The selected metals’ sorption was achieved mainly via electrostatic attraction and coordination interactions. In fact, Fe₃O₄-NH₂ could be removed more than 96 % for both Cr (VI) and Ni (II) ions from aqueous solution and actual wastewater.

Background

Discharge of heavy metals into aquatic ecosystems is a matter of concern in wastewater treatment due to their harmful effects on humans even at low concentrations [1, 2]. Among heavy metals, Cr (VI) is among the toxic elements that may enter the environment due to effluent discharge by some industries, such as tanning, textile, wood preservations, paint, metal and mineral processing, pulp, and paper industries [3, 4]. Evidence has shown that these elements can be carcinogenic and mutagenic to living organisms [5]. Nickel is also another heavy metal used in different industries, such as porcelain enameling, electroplating, storage batteries, dying, steel manufacturing, and pigment industries. The acceptance tolerance of nickel has been reported to be 0.01 mgL⁻¹ and 2.0 mgL⁻¹ in drinking water and industrial wastewater, respectively [6]. Due to the problems remarked above, some effective wastewater treatment approaches have to be employed for Cr (VI) and Ni (II) removal. Up to now, many methods have been used in this regard, including chemical precipitation, ion exchange, membrane technologies, coagulation, electrocoagulation, reduction, bio sorption, filtration, adsorption, reverse osmosis, foam flotation, granular ferric hydroxide, electrolysis, and surface adsorption [7–11]. Most of these methods have economic and technical disadvantages and could not achieve the discharge standards. Yet, adsorption is an effective and flexible method, generating high-quality treated effluent [12]. Until now, many adsorbents have been grown, including maple sawdust, walnut, hazelnut, almond shell [2], carbon nanotubes [13], amino-functionalized polyacrylic acid (PAA) [14], and Lewatit FO36 Nano [15]. However, in many cases, these materials do not have the sufficient adsorption efficiency because of not having enough active surface sites. Furthermore, these materials have a lot of problems, including high cost, difficulty in separation, desorption, and regeneration of adsorbents, and secondary wastes. Therefore, new materials, such as various functional groups, including amide, amino groups, and carboxyl, are to develop new adsorbents that have high selectivity toward toxic metals [16–18]. In this respect, amino-groups have attracted more attention as chelation sites due to their large specific surface areas. Thus, amino-groups are capable of adsorbing a number of metal anions and cations from aqueous solution [19].
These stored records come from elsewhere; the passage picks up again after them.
(* Let $\mathbf{Y}\sim\mathcal{MMN}_p(\boldsymbol{\xi},\mathbf{\Omega},\boldsymbol{\delta};H)$, let $\mathbf{A}$ be a full-rank $p\times h$ matrix with $h\le p$, and let $\mathbf{c}\in\mathbb{R}^h$. Then $\mathbf{T}=\mathbf{c}+\mathbf{A}^\top\mathbf{Y}\sim\mathcal{MMN}_h(\boldsymbol{\xi}_{\mathbf{T}},\mathbf{\Omega}_{\mathbf{T}},\boldsymbol{\delta}_{\mathbf{T}};H)$, where $\boldsymbol{\xi}_{\mathbf{T}}=\mathbf{c}+\mathbf{A}^\top\boldsymbol{\xi}$, $\mathbf{\Omega}_{\mathbf{T}}=\mathbf{A}^\top\mathbf{\Omega}\mathbf{A}$, and $\boldsymbol{\delta}_{\mathbf{T}}=\boldsymbol{\omega}_{\mathbf{T}}^{-1}\mathbf{A}^\top\boldsymbol{\omega}\boldsymbol{\delta}$ with $\boldsymbol{\omega}_{\mathbf{T}}=(\mathbf{\Omega}_{\mathbf{T}}\odot\mathbf{I}_h)^{1/2}$.
   Context: For $d\ge1$, $\boldsymbol{\xi}\in\mathbb{R}^d$, a $d\times d$ symmetric positive definite $\mathbf{\Omega}$, put $\boldsymbol{\omega}=(\mathbf{\Omega}\odot\mathbf{I}_d)^{1/2}=\mathrm{diag}(\mathbf{\Omega}_{11}^{1/2},\dots,\mathbf{\Omega}_{dd}^{1/2})$ ($\odot$ = Hadamard product) and $\overline{\mathbf{\Omega}}=\boldsymbol{\omega}^{-1}\mathbf{\Omega}\boldsymbol{\omega}^{-1}$; let $\boldsymbol{\delta}\in\mathbb{R}^d$ with $\overline{\mathbf{\Omega}}-\boldsymbol{\delta}\boldsymbol{\delta}^\top$ positive definite. For a real random variable $U$ with CDF $H$ and $\mathbf{Z}\sim\mathcal{N}_d(\mathbf{0},\overline{\mathbf{\Omega}}-\boldsymbol{\delta}\boldsymbol{\delta}^\top)$ independent of $U$, the law of $\boldsymbol{\xi}+\boldsymbol{\omega}(\boldsymbol{\delta}U+\mathbf{Z})$ is denoted $\mathcal{MMN}_d(\boldsymbol{\xi},\mathbf{\Omega},\boldsymbol{\delta};H)$. In the claim $\boldsymbol{\omega}$ refers to $\mathbf{\Omega}$ (dimension $p$). *)

From HB Require Import structures.
From mathcomp Require Import all_boot all_order all_algebra.
From mathcomp Require Import all_classical all_reals all_analysis.
Set Implicit Arguments. Unset Strict Implicit. Unset Printing Implicit Defensive.
Import Order.TTheory GRing.Theory Num.Theory.
Local Open Scope classical_set_scope.
Local Open Scope ring_scope.
(* Let $V(1),\dots,V(T)\in\mathbb R^p$ and $0=\nu_0<\nu_1<\dots<\nu_M=T$ be such that $V(\nu_m+1)=\dots=V(\nu_{m+1})$ for all $m=0,\dots,M-1$. Let $\Delta$ be a positive integer and suppose $\nu=\nu_m$ for some $1\le m\le M-1$ satisfies $|\nu_m-\nu_{m'}|\ge\Delta$ for all $m'\ne m$. With \[ \widetilde V(t)=\sqrt{\frac{T-t}{Tt}}\sum_{r=1}^tV(r)-\sqrt{\frac{t}{T(T-t)}}\sum_{r=t+1}^TV(r),\qquad t\in\{1,\dots,T-1\}, \] it holds that \[ \max_{1\le t\le T-1}\|\widetilde V(t)\|^2\ \ge\ \frac{\|V(\nu)-V(\nu+1)\|^2\Delta^2}{48T}. \]
   Context: $\|\cdot\|$ is the Euclidean norm. *)

From HB Require Import structures.
From mathcomp Require Import all_boot all_order all_algebra.
From mathcomp Require Import reals.
Set Implicit Arguments. Unset Strict Implicit. Unset Printing Implicit Defensive.
Import Order.TTheory GRing.Theory Num.Theory.
Local Open Scope ring_scope.

Definition sqnorm (R : realType) (p : nat) (v : 'rV[R]_p) : R :=
  \sum_(i < p) (v 0 i) ^+ 2.

Definition Vtilde (R : realType) (p T : nat) (V : nat -> 'rV[R]_p) (t : nat)
  : 'rV[R]_p :=
  Num.sqrt ((T%:R - t%:R) / (T%:R * t%:R)) *: (\sum_(1 <= r < t.+1) V r)
  - Num.sqrt (t%:R / (T%:R * (T%:R - t%:R))) *: (\sum_(t.+1 <= r < T.+1) V r).

From HB Require Import structures.
From mathcomp Require Import all_boot all_order all_algebra.
From mathcomp Require Import reals.
From mathcomp Require Import ring lra zify.
Set Implicit Arguments. Unset Strict Implicit. Unset Printing Implicit Defensive.
Import Order.TTheory GRing.Theory Num.Theory.
Local Open Scope ring_scope.

(* Write S for the partial sums of V and C(t) = S(t) - (t/T) S(T) for the
   centred partial sums.  Then Vtilde(t) = sqrt(T/(t(T-t))) C(t), and since
   t(T-t) <= T^2/4 and C(0) = C(T) = 0, every ||C(t)||^2 is at most T/4 times
   the maximum of ||Vtilde||^2.  As V is constant on (nu-Delta, nu] and on
   (nu, nu+Delta], the second difference 2C(nu) - C(nu-Delta) - C(nu+Delta)
   equals Delta (V(nu) - V(nu+1)); bounding it by the parallelogram inequality
   gives Delta^2 ||V(nu) - V(nu+1)||^2 <= 4T max ||Vtilde||^2, which is twelve
   times stronger than the claim. *)

Lemma leq_incr_last (f : nat -> nat) (M k : nat) :
  (forall i, (i < M)%N -> (f i < f i.+1)%N) -> (k <= M)%N -> (f k <= f M)%N.
Proof.
elim: M => [|M IH] incf; first by rewrite leqn0 => /eqP->.
rewrite leq_eqVlt => /orP[/eqP-> // | kM].
apply: leq_trans (ltnW (incf M _)) => //.
by apply: IH kM => i iM; apply/incf/leqW.
Qed.

Lemma leq_dist_subn (R : realDomainType) (i j d : nat) :
  (i <= j)%N -> d%:R <= `|j%:R - i%:R| :> R -> (d <= j - i)%N.
Proof. by move=> ij; rewrite -natrB // normr_nat ler_nat. Qed.

Lemma sqrtr_mul_sqr (R : rcfType) (a c : R) :
  0 <= a -> 0 <= c -> Num.sqrt (a * c ^+ 2) = Num.sqrt a * c.
Proof. by move=> a0 c0; rewrite sqrtrM // sqrtr_sqr ger0_norm. Qed.

Section SquaredNorm.
Variables (R : realType) (p : nat).
Implicit Types (v w : 'rV[R]_p).

Lemma sqnorm0 : sqnorm (0 : 'rV[R]_p) = 0.
Proof. by rewrite /sqnorm big1 // => i _; rewrite mxE expr0n. Qed.

Lemma sqnormZ (a : R) v : sqnorm (a *: v) = a ^+ 2 * sqnorm v.
Proof. by rewrite /sqnorm mulr_sumr; apply: eq_bigr => i _; rewrite mxE exprMn. Qed.

Lemma sqnormD_le v w : sqnorm (v + w) <= 2 * (sqnorm v + sqnorm w).
Proof.
rewrite /sqnorm -big_split mulr_sumr; apply: ler_sum => i _; rewrite /= !mxE.
rewrite -subr_ge0 (_ : _ - _ = (v 0 i - w 0 i) ^+ 2) ?sqr_ge0 //=; ring.
Qed.

Lemma sqnormN v : sqnorm (- v) = sqnorm v.
Proof. by rewrite -scaleN1r sqnormZ sqrrN expr1n mul1r. Qed.

Lemma sqnormB_le v w : sqnorm (v - w) <= 2 * (sqnorm v + sqnorm w).
Proof. by rewrite -(sqnormN w) sqnormD_le. Qed.

End SquaredNorm.

Section CenteredPartialSums.
Variables (R : realType) (p T : nat) (V : nat -> 'rV[R]_p).

Definition partial_sum t := \sum_(1 <= r < t.+1) V r.

Definition cusum t := partial_sum t - (t%:R / T%:R) *: partial_sum T.

Lemma partial_sum_const a k w : (forall r, (a < r <= a + k)%N -> V r = w) ->
  partial_sum (a + k)%N = partial_sum a + k%:R *: w.
Proof.
move=> Vw; rewrite /partial_sum (big_cat_nat _ (n := a.+1)) //= ?ltnS ?leq_addr //.
congr (_ + _); rewrite (eq_big_nat _ _ (F2 := fun=> w)) => [|r /Vw //].
by rewrite sumr_const_nat subSS addKn scaler_nat.
Qed.

Lemma cusum0 : cusum 0 = 0.
Proof. by rewrite /cusum /partial_sum big_geq // mul0r scale0r subrr. Qed.

Lemma cusumT : (0 < T)%N -> cusum T = 0.
Proof. by move=> T0; rewrite /cusum divff ?pnatr_eq0 -?lt0n // scale1r subrr. Qed.

Lemma Vtilde_cusum t : (0 < t < T)%N ->
  Vtilde T V t = Num.sqrt (T%:R / (t%:R * (T%:R - t%:R))) *: cusum t.
Proof.
rewrite /Vtilde => /andP[t0 tT].
have tR : 0 < t%:R :> R by rewrite ltr0n.
have TtR : 0 < T%:R - t%:R :> R by rewrite subr_gt0 ltr_nat.
have TR : 0 < T%:R :> R by rewrite ltr0n (ltn_trans t0).
have coef_ge0 : 0 <= T%:R / (t%:R * (T%:R - t%:R)) :> R.
  by rewrite ltW // divr_gt0 ?mulr_gt0.
have -> : (T%:R - t%:R) / (T%:R * t%:R)
          = T%:R / (t%:R * (T%:R - t%:R)) * ((T%:R - t%:R) / T%:R) ^+ 2 :> R.
  by field; rewrite !gt_eqF.
have -> : t%:R / (T%:R * (T%:R - t%:R))
          = T%:R / (t%:R * (T%:R - t%:R)) * (t%:R / T%:R) ^+ 2 :> R.
  by field; rewrite !gt_eqF.
rewrite !sqrtr_mul_sqr // ?divr_ge0 ?ltW // -!scalerA -scalerBr /cusum; congr (_ *: _).
have -> : \sum_(t.+1 <= r < T.+1) V r = partial_sum T - partial_sum t.
  by rewrite /partial_sum (big_cat_nat _ (m := 1) (n := t.+1)) 1?ltnW //= addrC addrK.
by apply/rowP => i; rewrite !mxE; field; rewrite gt_eqF.
Qed.

Lemma sqnorm_cusum_le (K : R) t : 0 <= K ->
  (forall s, (0 < s < T)%N -> sqnorm (Vtilde T V s) <= K) ->
  (t <= T)%N -> sqnorm (cusum t) <= T%:R / 4 * K.
Proof.
move=> K0 VK tT; have TK_ge0 : 0 <= T%:R / 4 * K by rewrite mulr_ge0 ?divr_ge0.
have [-> | t0] := posnP t; first by rewrite cusum0 sqnorm0.
move: tT t0; rewrite leq_eqVlt => /orP[/eqP-> T0 | tT t0].
  by rewrite cusumT ?sqnorm0.
have tR : 0 < t%:R :> R by rewrite ltr0n.
have TtR : 0 < T%:R - t%:R :> R by rewrite subr_gt0 ltr_nat.
have TR : 0 < T%:R :> R by rewrite ltr0n (ltn_trans t0).
have coef_ge0 : 0 <= T%:R / (t%:R * (T%:R - t%:R)) :> R.
  by rewrite ltW // divr_gt0 ?mulr_gt0.
have := VK t; rewrite t0 tT => /(_ isT).
rewrite Vtilde_cusum ?t0 // sqnormZ sqr_sqrtr // => VK_t.
have amgm : t%:R * (T%:R - t%:R) / T%:R <= T%:R / 4 :> R.
  rewrite ler_pdivrMr // mulrAC ler_pdivlMr //.
  by have := sqr_ge0 (T%:R - 2 * t%:R : R); nra.
have -> : sqnorm (cusum t) = t%:R * (T%:R - t%:R) / T%:R *
            (T%:R / (t%:R * (T%:R - t%:R)) * sqnorm (cusum t)).
  by field; rewrite !gt_eqF.
apply: le_trans (ler_wpM2r K0 amgm); apply: ler_wpM2l VK_t.
by rewrite ltW // divr_gt0 ?mulr_gt0.
Qed.

Lemma cusum_second_difference n d w1 w2 : (d <= n)%N ->
  (forall r, (n - d < r <= n)%N -> V r = w1) ->
  (forall r, (n < r <= n + d)%N -> V r = w2) ->
  d%:R *: (w1 - w2) = (cusum n - cusum (n - d)%N) + (cusum n - cusum (n + d)%N).
Proof.
move=> dn Vw1 Vw2.
have Sn : partial_sum n = partial_sum (n - d)%N + d%:R *: w1.
  by rewrite -{1}(subnK dn); apply: partial_sum_const; rewrite subnK.
rewrite /cusum (partial_sum_const Vw2) Sn natrD natrB //.
move: (partial_sum (n - d)%N) (partial_sum T) => X Y.
by apply/rowP => i; rewrite !mxE; ring.
Qed.

Lemma sqnorm_jump_le (K : R) n d w1 w2 : 0 <= K ->
  (forall s, (0 < s < T)%N -> sqnorm (Vtilde T V s) <= K) ->
  (d <= n)%N -> (n + d <= T)%N ->
  (forall r, (n - d < r <= n)%N -> V r = w1) ->
  (forall r, (n < r <= n + d)%N -> V r = w2) ->
  d%:R ^+ 2 * sqnorm (w1 - w2) <= 4 * T%:R * K.
Proof.
move=> K0 VK dn ndT Vw1 Vw2.
have cusum_le t := @sqnorm_cusum_le K t K0 VK.
rewrite -sqnormZ (cusum_second_difference dn Vw1 Vw2).
apply: le_trans (sqnormD_le _ _) _.
have := sqnormB_le (cusum n) (cusum (n - d)%N).
have := sqnormB_le (cusum n) (cusum (n + d)%N).
have := cusum_le n (leq_trans (leq_addr d n) ndT).
have := cusum_le (n - d)%N (leq_trans (leq_subr d n) (leq_trans (leq_addr d n) ndT)).
have := cusum_le (n + d)%N ndT.
have -> : 4 * T%:R * K = 16 * (T%:R / 4 * K) by field.
lra.
Qed.

End CenteredPartialSums.

Theorem lemma15 (R : realType) (p T M : nat) (V : nat -> 'rV[R]_p)
  (nu : nat -> nat) (Delta m : nat) :
  nu 0%N = 0%N -> nu M = T ->
  (forall k, (k < M)%N -> (nu k < nu k.+1)%N) ->
  (forall k t, (k < M)%N -> (nu k < t)%N -> (t <= nu k.+1)%N -> V t = V (nu k).+1) ->
  (0 < Delta)%N ->
  (1 <= m)%N -> (m <= M - 1)%N ->
  (forall m', (m' <= M)%N -> m' <> m ->
     Delta%:R <= `|(nu m)%:R - (nu m')%:R| :> R) ->
  \big[Num.max/0]_(1 <= t < T) sqnorm (Vtilde T V t)
    >= sqnorm (V (nu m) - V (nu m).+1) * (Delta%:R ^+ 2) / (48 * T%:R).
Proof.
move=> _ nuM nu_incr V_const _ m1 mM gapD.
have mM' : (m < M)%N by lia.
have [k mk] : exists k, m = k.+1 by exists m.-1; lia.
set n := nu m.
have nu_k_n : (nu k <= n)%N by rewrite /n mk ltnW // nu_incr // -mk ltnW.
have n_nu_m1 : (n <= nu m.+1)%N by rewrite ltnW // nu_incr.
have gap_left : (Delta <= n - nu k)%N.
  by apply: (leq_dist_subn (R := R)) (gapD k _ _) => //; lia.
have gap_right : (Delta <= nu m.+1 - n)%N.
  by apply: (leq_dist_subn (R := R)); rewrite // distrC gapD //; lia.
have nuT : (nu m.+1 <= T)%N by rewrite -nuM leq_incr_last.
set Mx := \big[Num.max/0]_(1 <= t < T) sqnorm (Vtilde T V t).
have Mx_ge0 : 0 <= Mx := bigmax_ge_id _ _ _ _.
have Vtilde_le_Mx s : (0 < s < T)%N -> sqnorm (Vtilde T V s) <= Mx.
  move=> sT; apply: (le_bigmax_seq _ _ xpredT (fun t => sqnorm (Vtilde T V t))) => //.
  by rewrite mem_index_iota.
have T0 : (0 < T)%N by have := nu_incr m mM'; lia.
have jump : Delta%:R ^+ 2 * sqnorm (V n - V n.+1) <= 4 * T%:R * Mx.
  apply: (sqnorm_jump_le (n := n)) Mx_ge0 Vtilde_le_Mx _ _ _ _; [lia | lia | |].
  - move=> r /andP[r_gt r_le].
    by rewrite (V_const k r) 1?(V_const k n) -?mk //; lia.
  - by move=> r /andP[r_gt r_le]; apply: V_const => //; lia.
have TR : 0 < T%:R :> R by rewrite ltr0n.
rewrite ler_pdivrMr ?mulr_gt0 //.
by have := mulr_ge0 (ltW TR) Mx_ge0; nra.
Qed.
As described above, due to the high specific surface area created through grafting of appropriate organic amino-groups on inorganic magnetic Fe₃O₄ particles, with strong magnetic properties, low toxicity, and easy separation, it could be used as a sorbent for removing heavy metals [18, 20]. Another advantage is that it is useful for recovery or reuse of the magnetite nanoparticles modified with amino-groups [17, 21].

In this study, we prepared a novel amino-functionalized magnetic Nano-adsorbent (Fe₃O₄-NH₂) developed by grafting amino-groups onto the surfaces of Fe₃O₄ nanoparticles and used nanocompostie as the adsorbent for removal of Cr (VI) and Ni (II) from aqueous solution. The adsorbent was characterized by Transmission Electron Microscopy (TEM), powder X-Ray Diffraction (XRD), Vibrating Sample Magnetometry (VSM), Scanning Electron Microscope (SEM), and zeta-potential measurement. The effects of pH, initial concentrations of Cr (VI) and Ni (II), adsorption kinetics, thermodynamics, and adsorption isotherm were studied, as well.

Methods

Chemicals

Anhydrous sodium acetate, iron (III) chloridehexahydrat (FeCl₃ · 6H₂O), potassium dichromate, ethanol, 1,6-hexanediamine, ethylene glycol, nickel (II) chloride hexahydrat (NiCl₂.6H₂O), sodium hydroxide, hydrogen chloride, which were of analytical grade, were purchased from Merck, Germany and were used without further purification. Potassium dichromate (99 %) and nickel (II) chloride hexahydrat (99 %) were used for preparation of Cr (VI) and Ni (II) solution. Additionally, doubly distilled deionized water was used throughout the work.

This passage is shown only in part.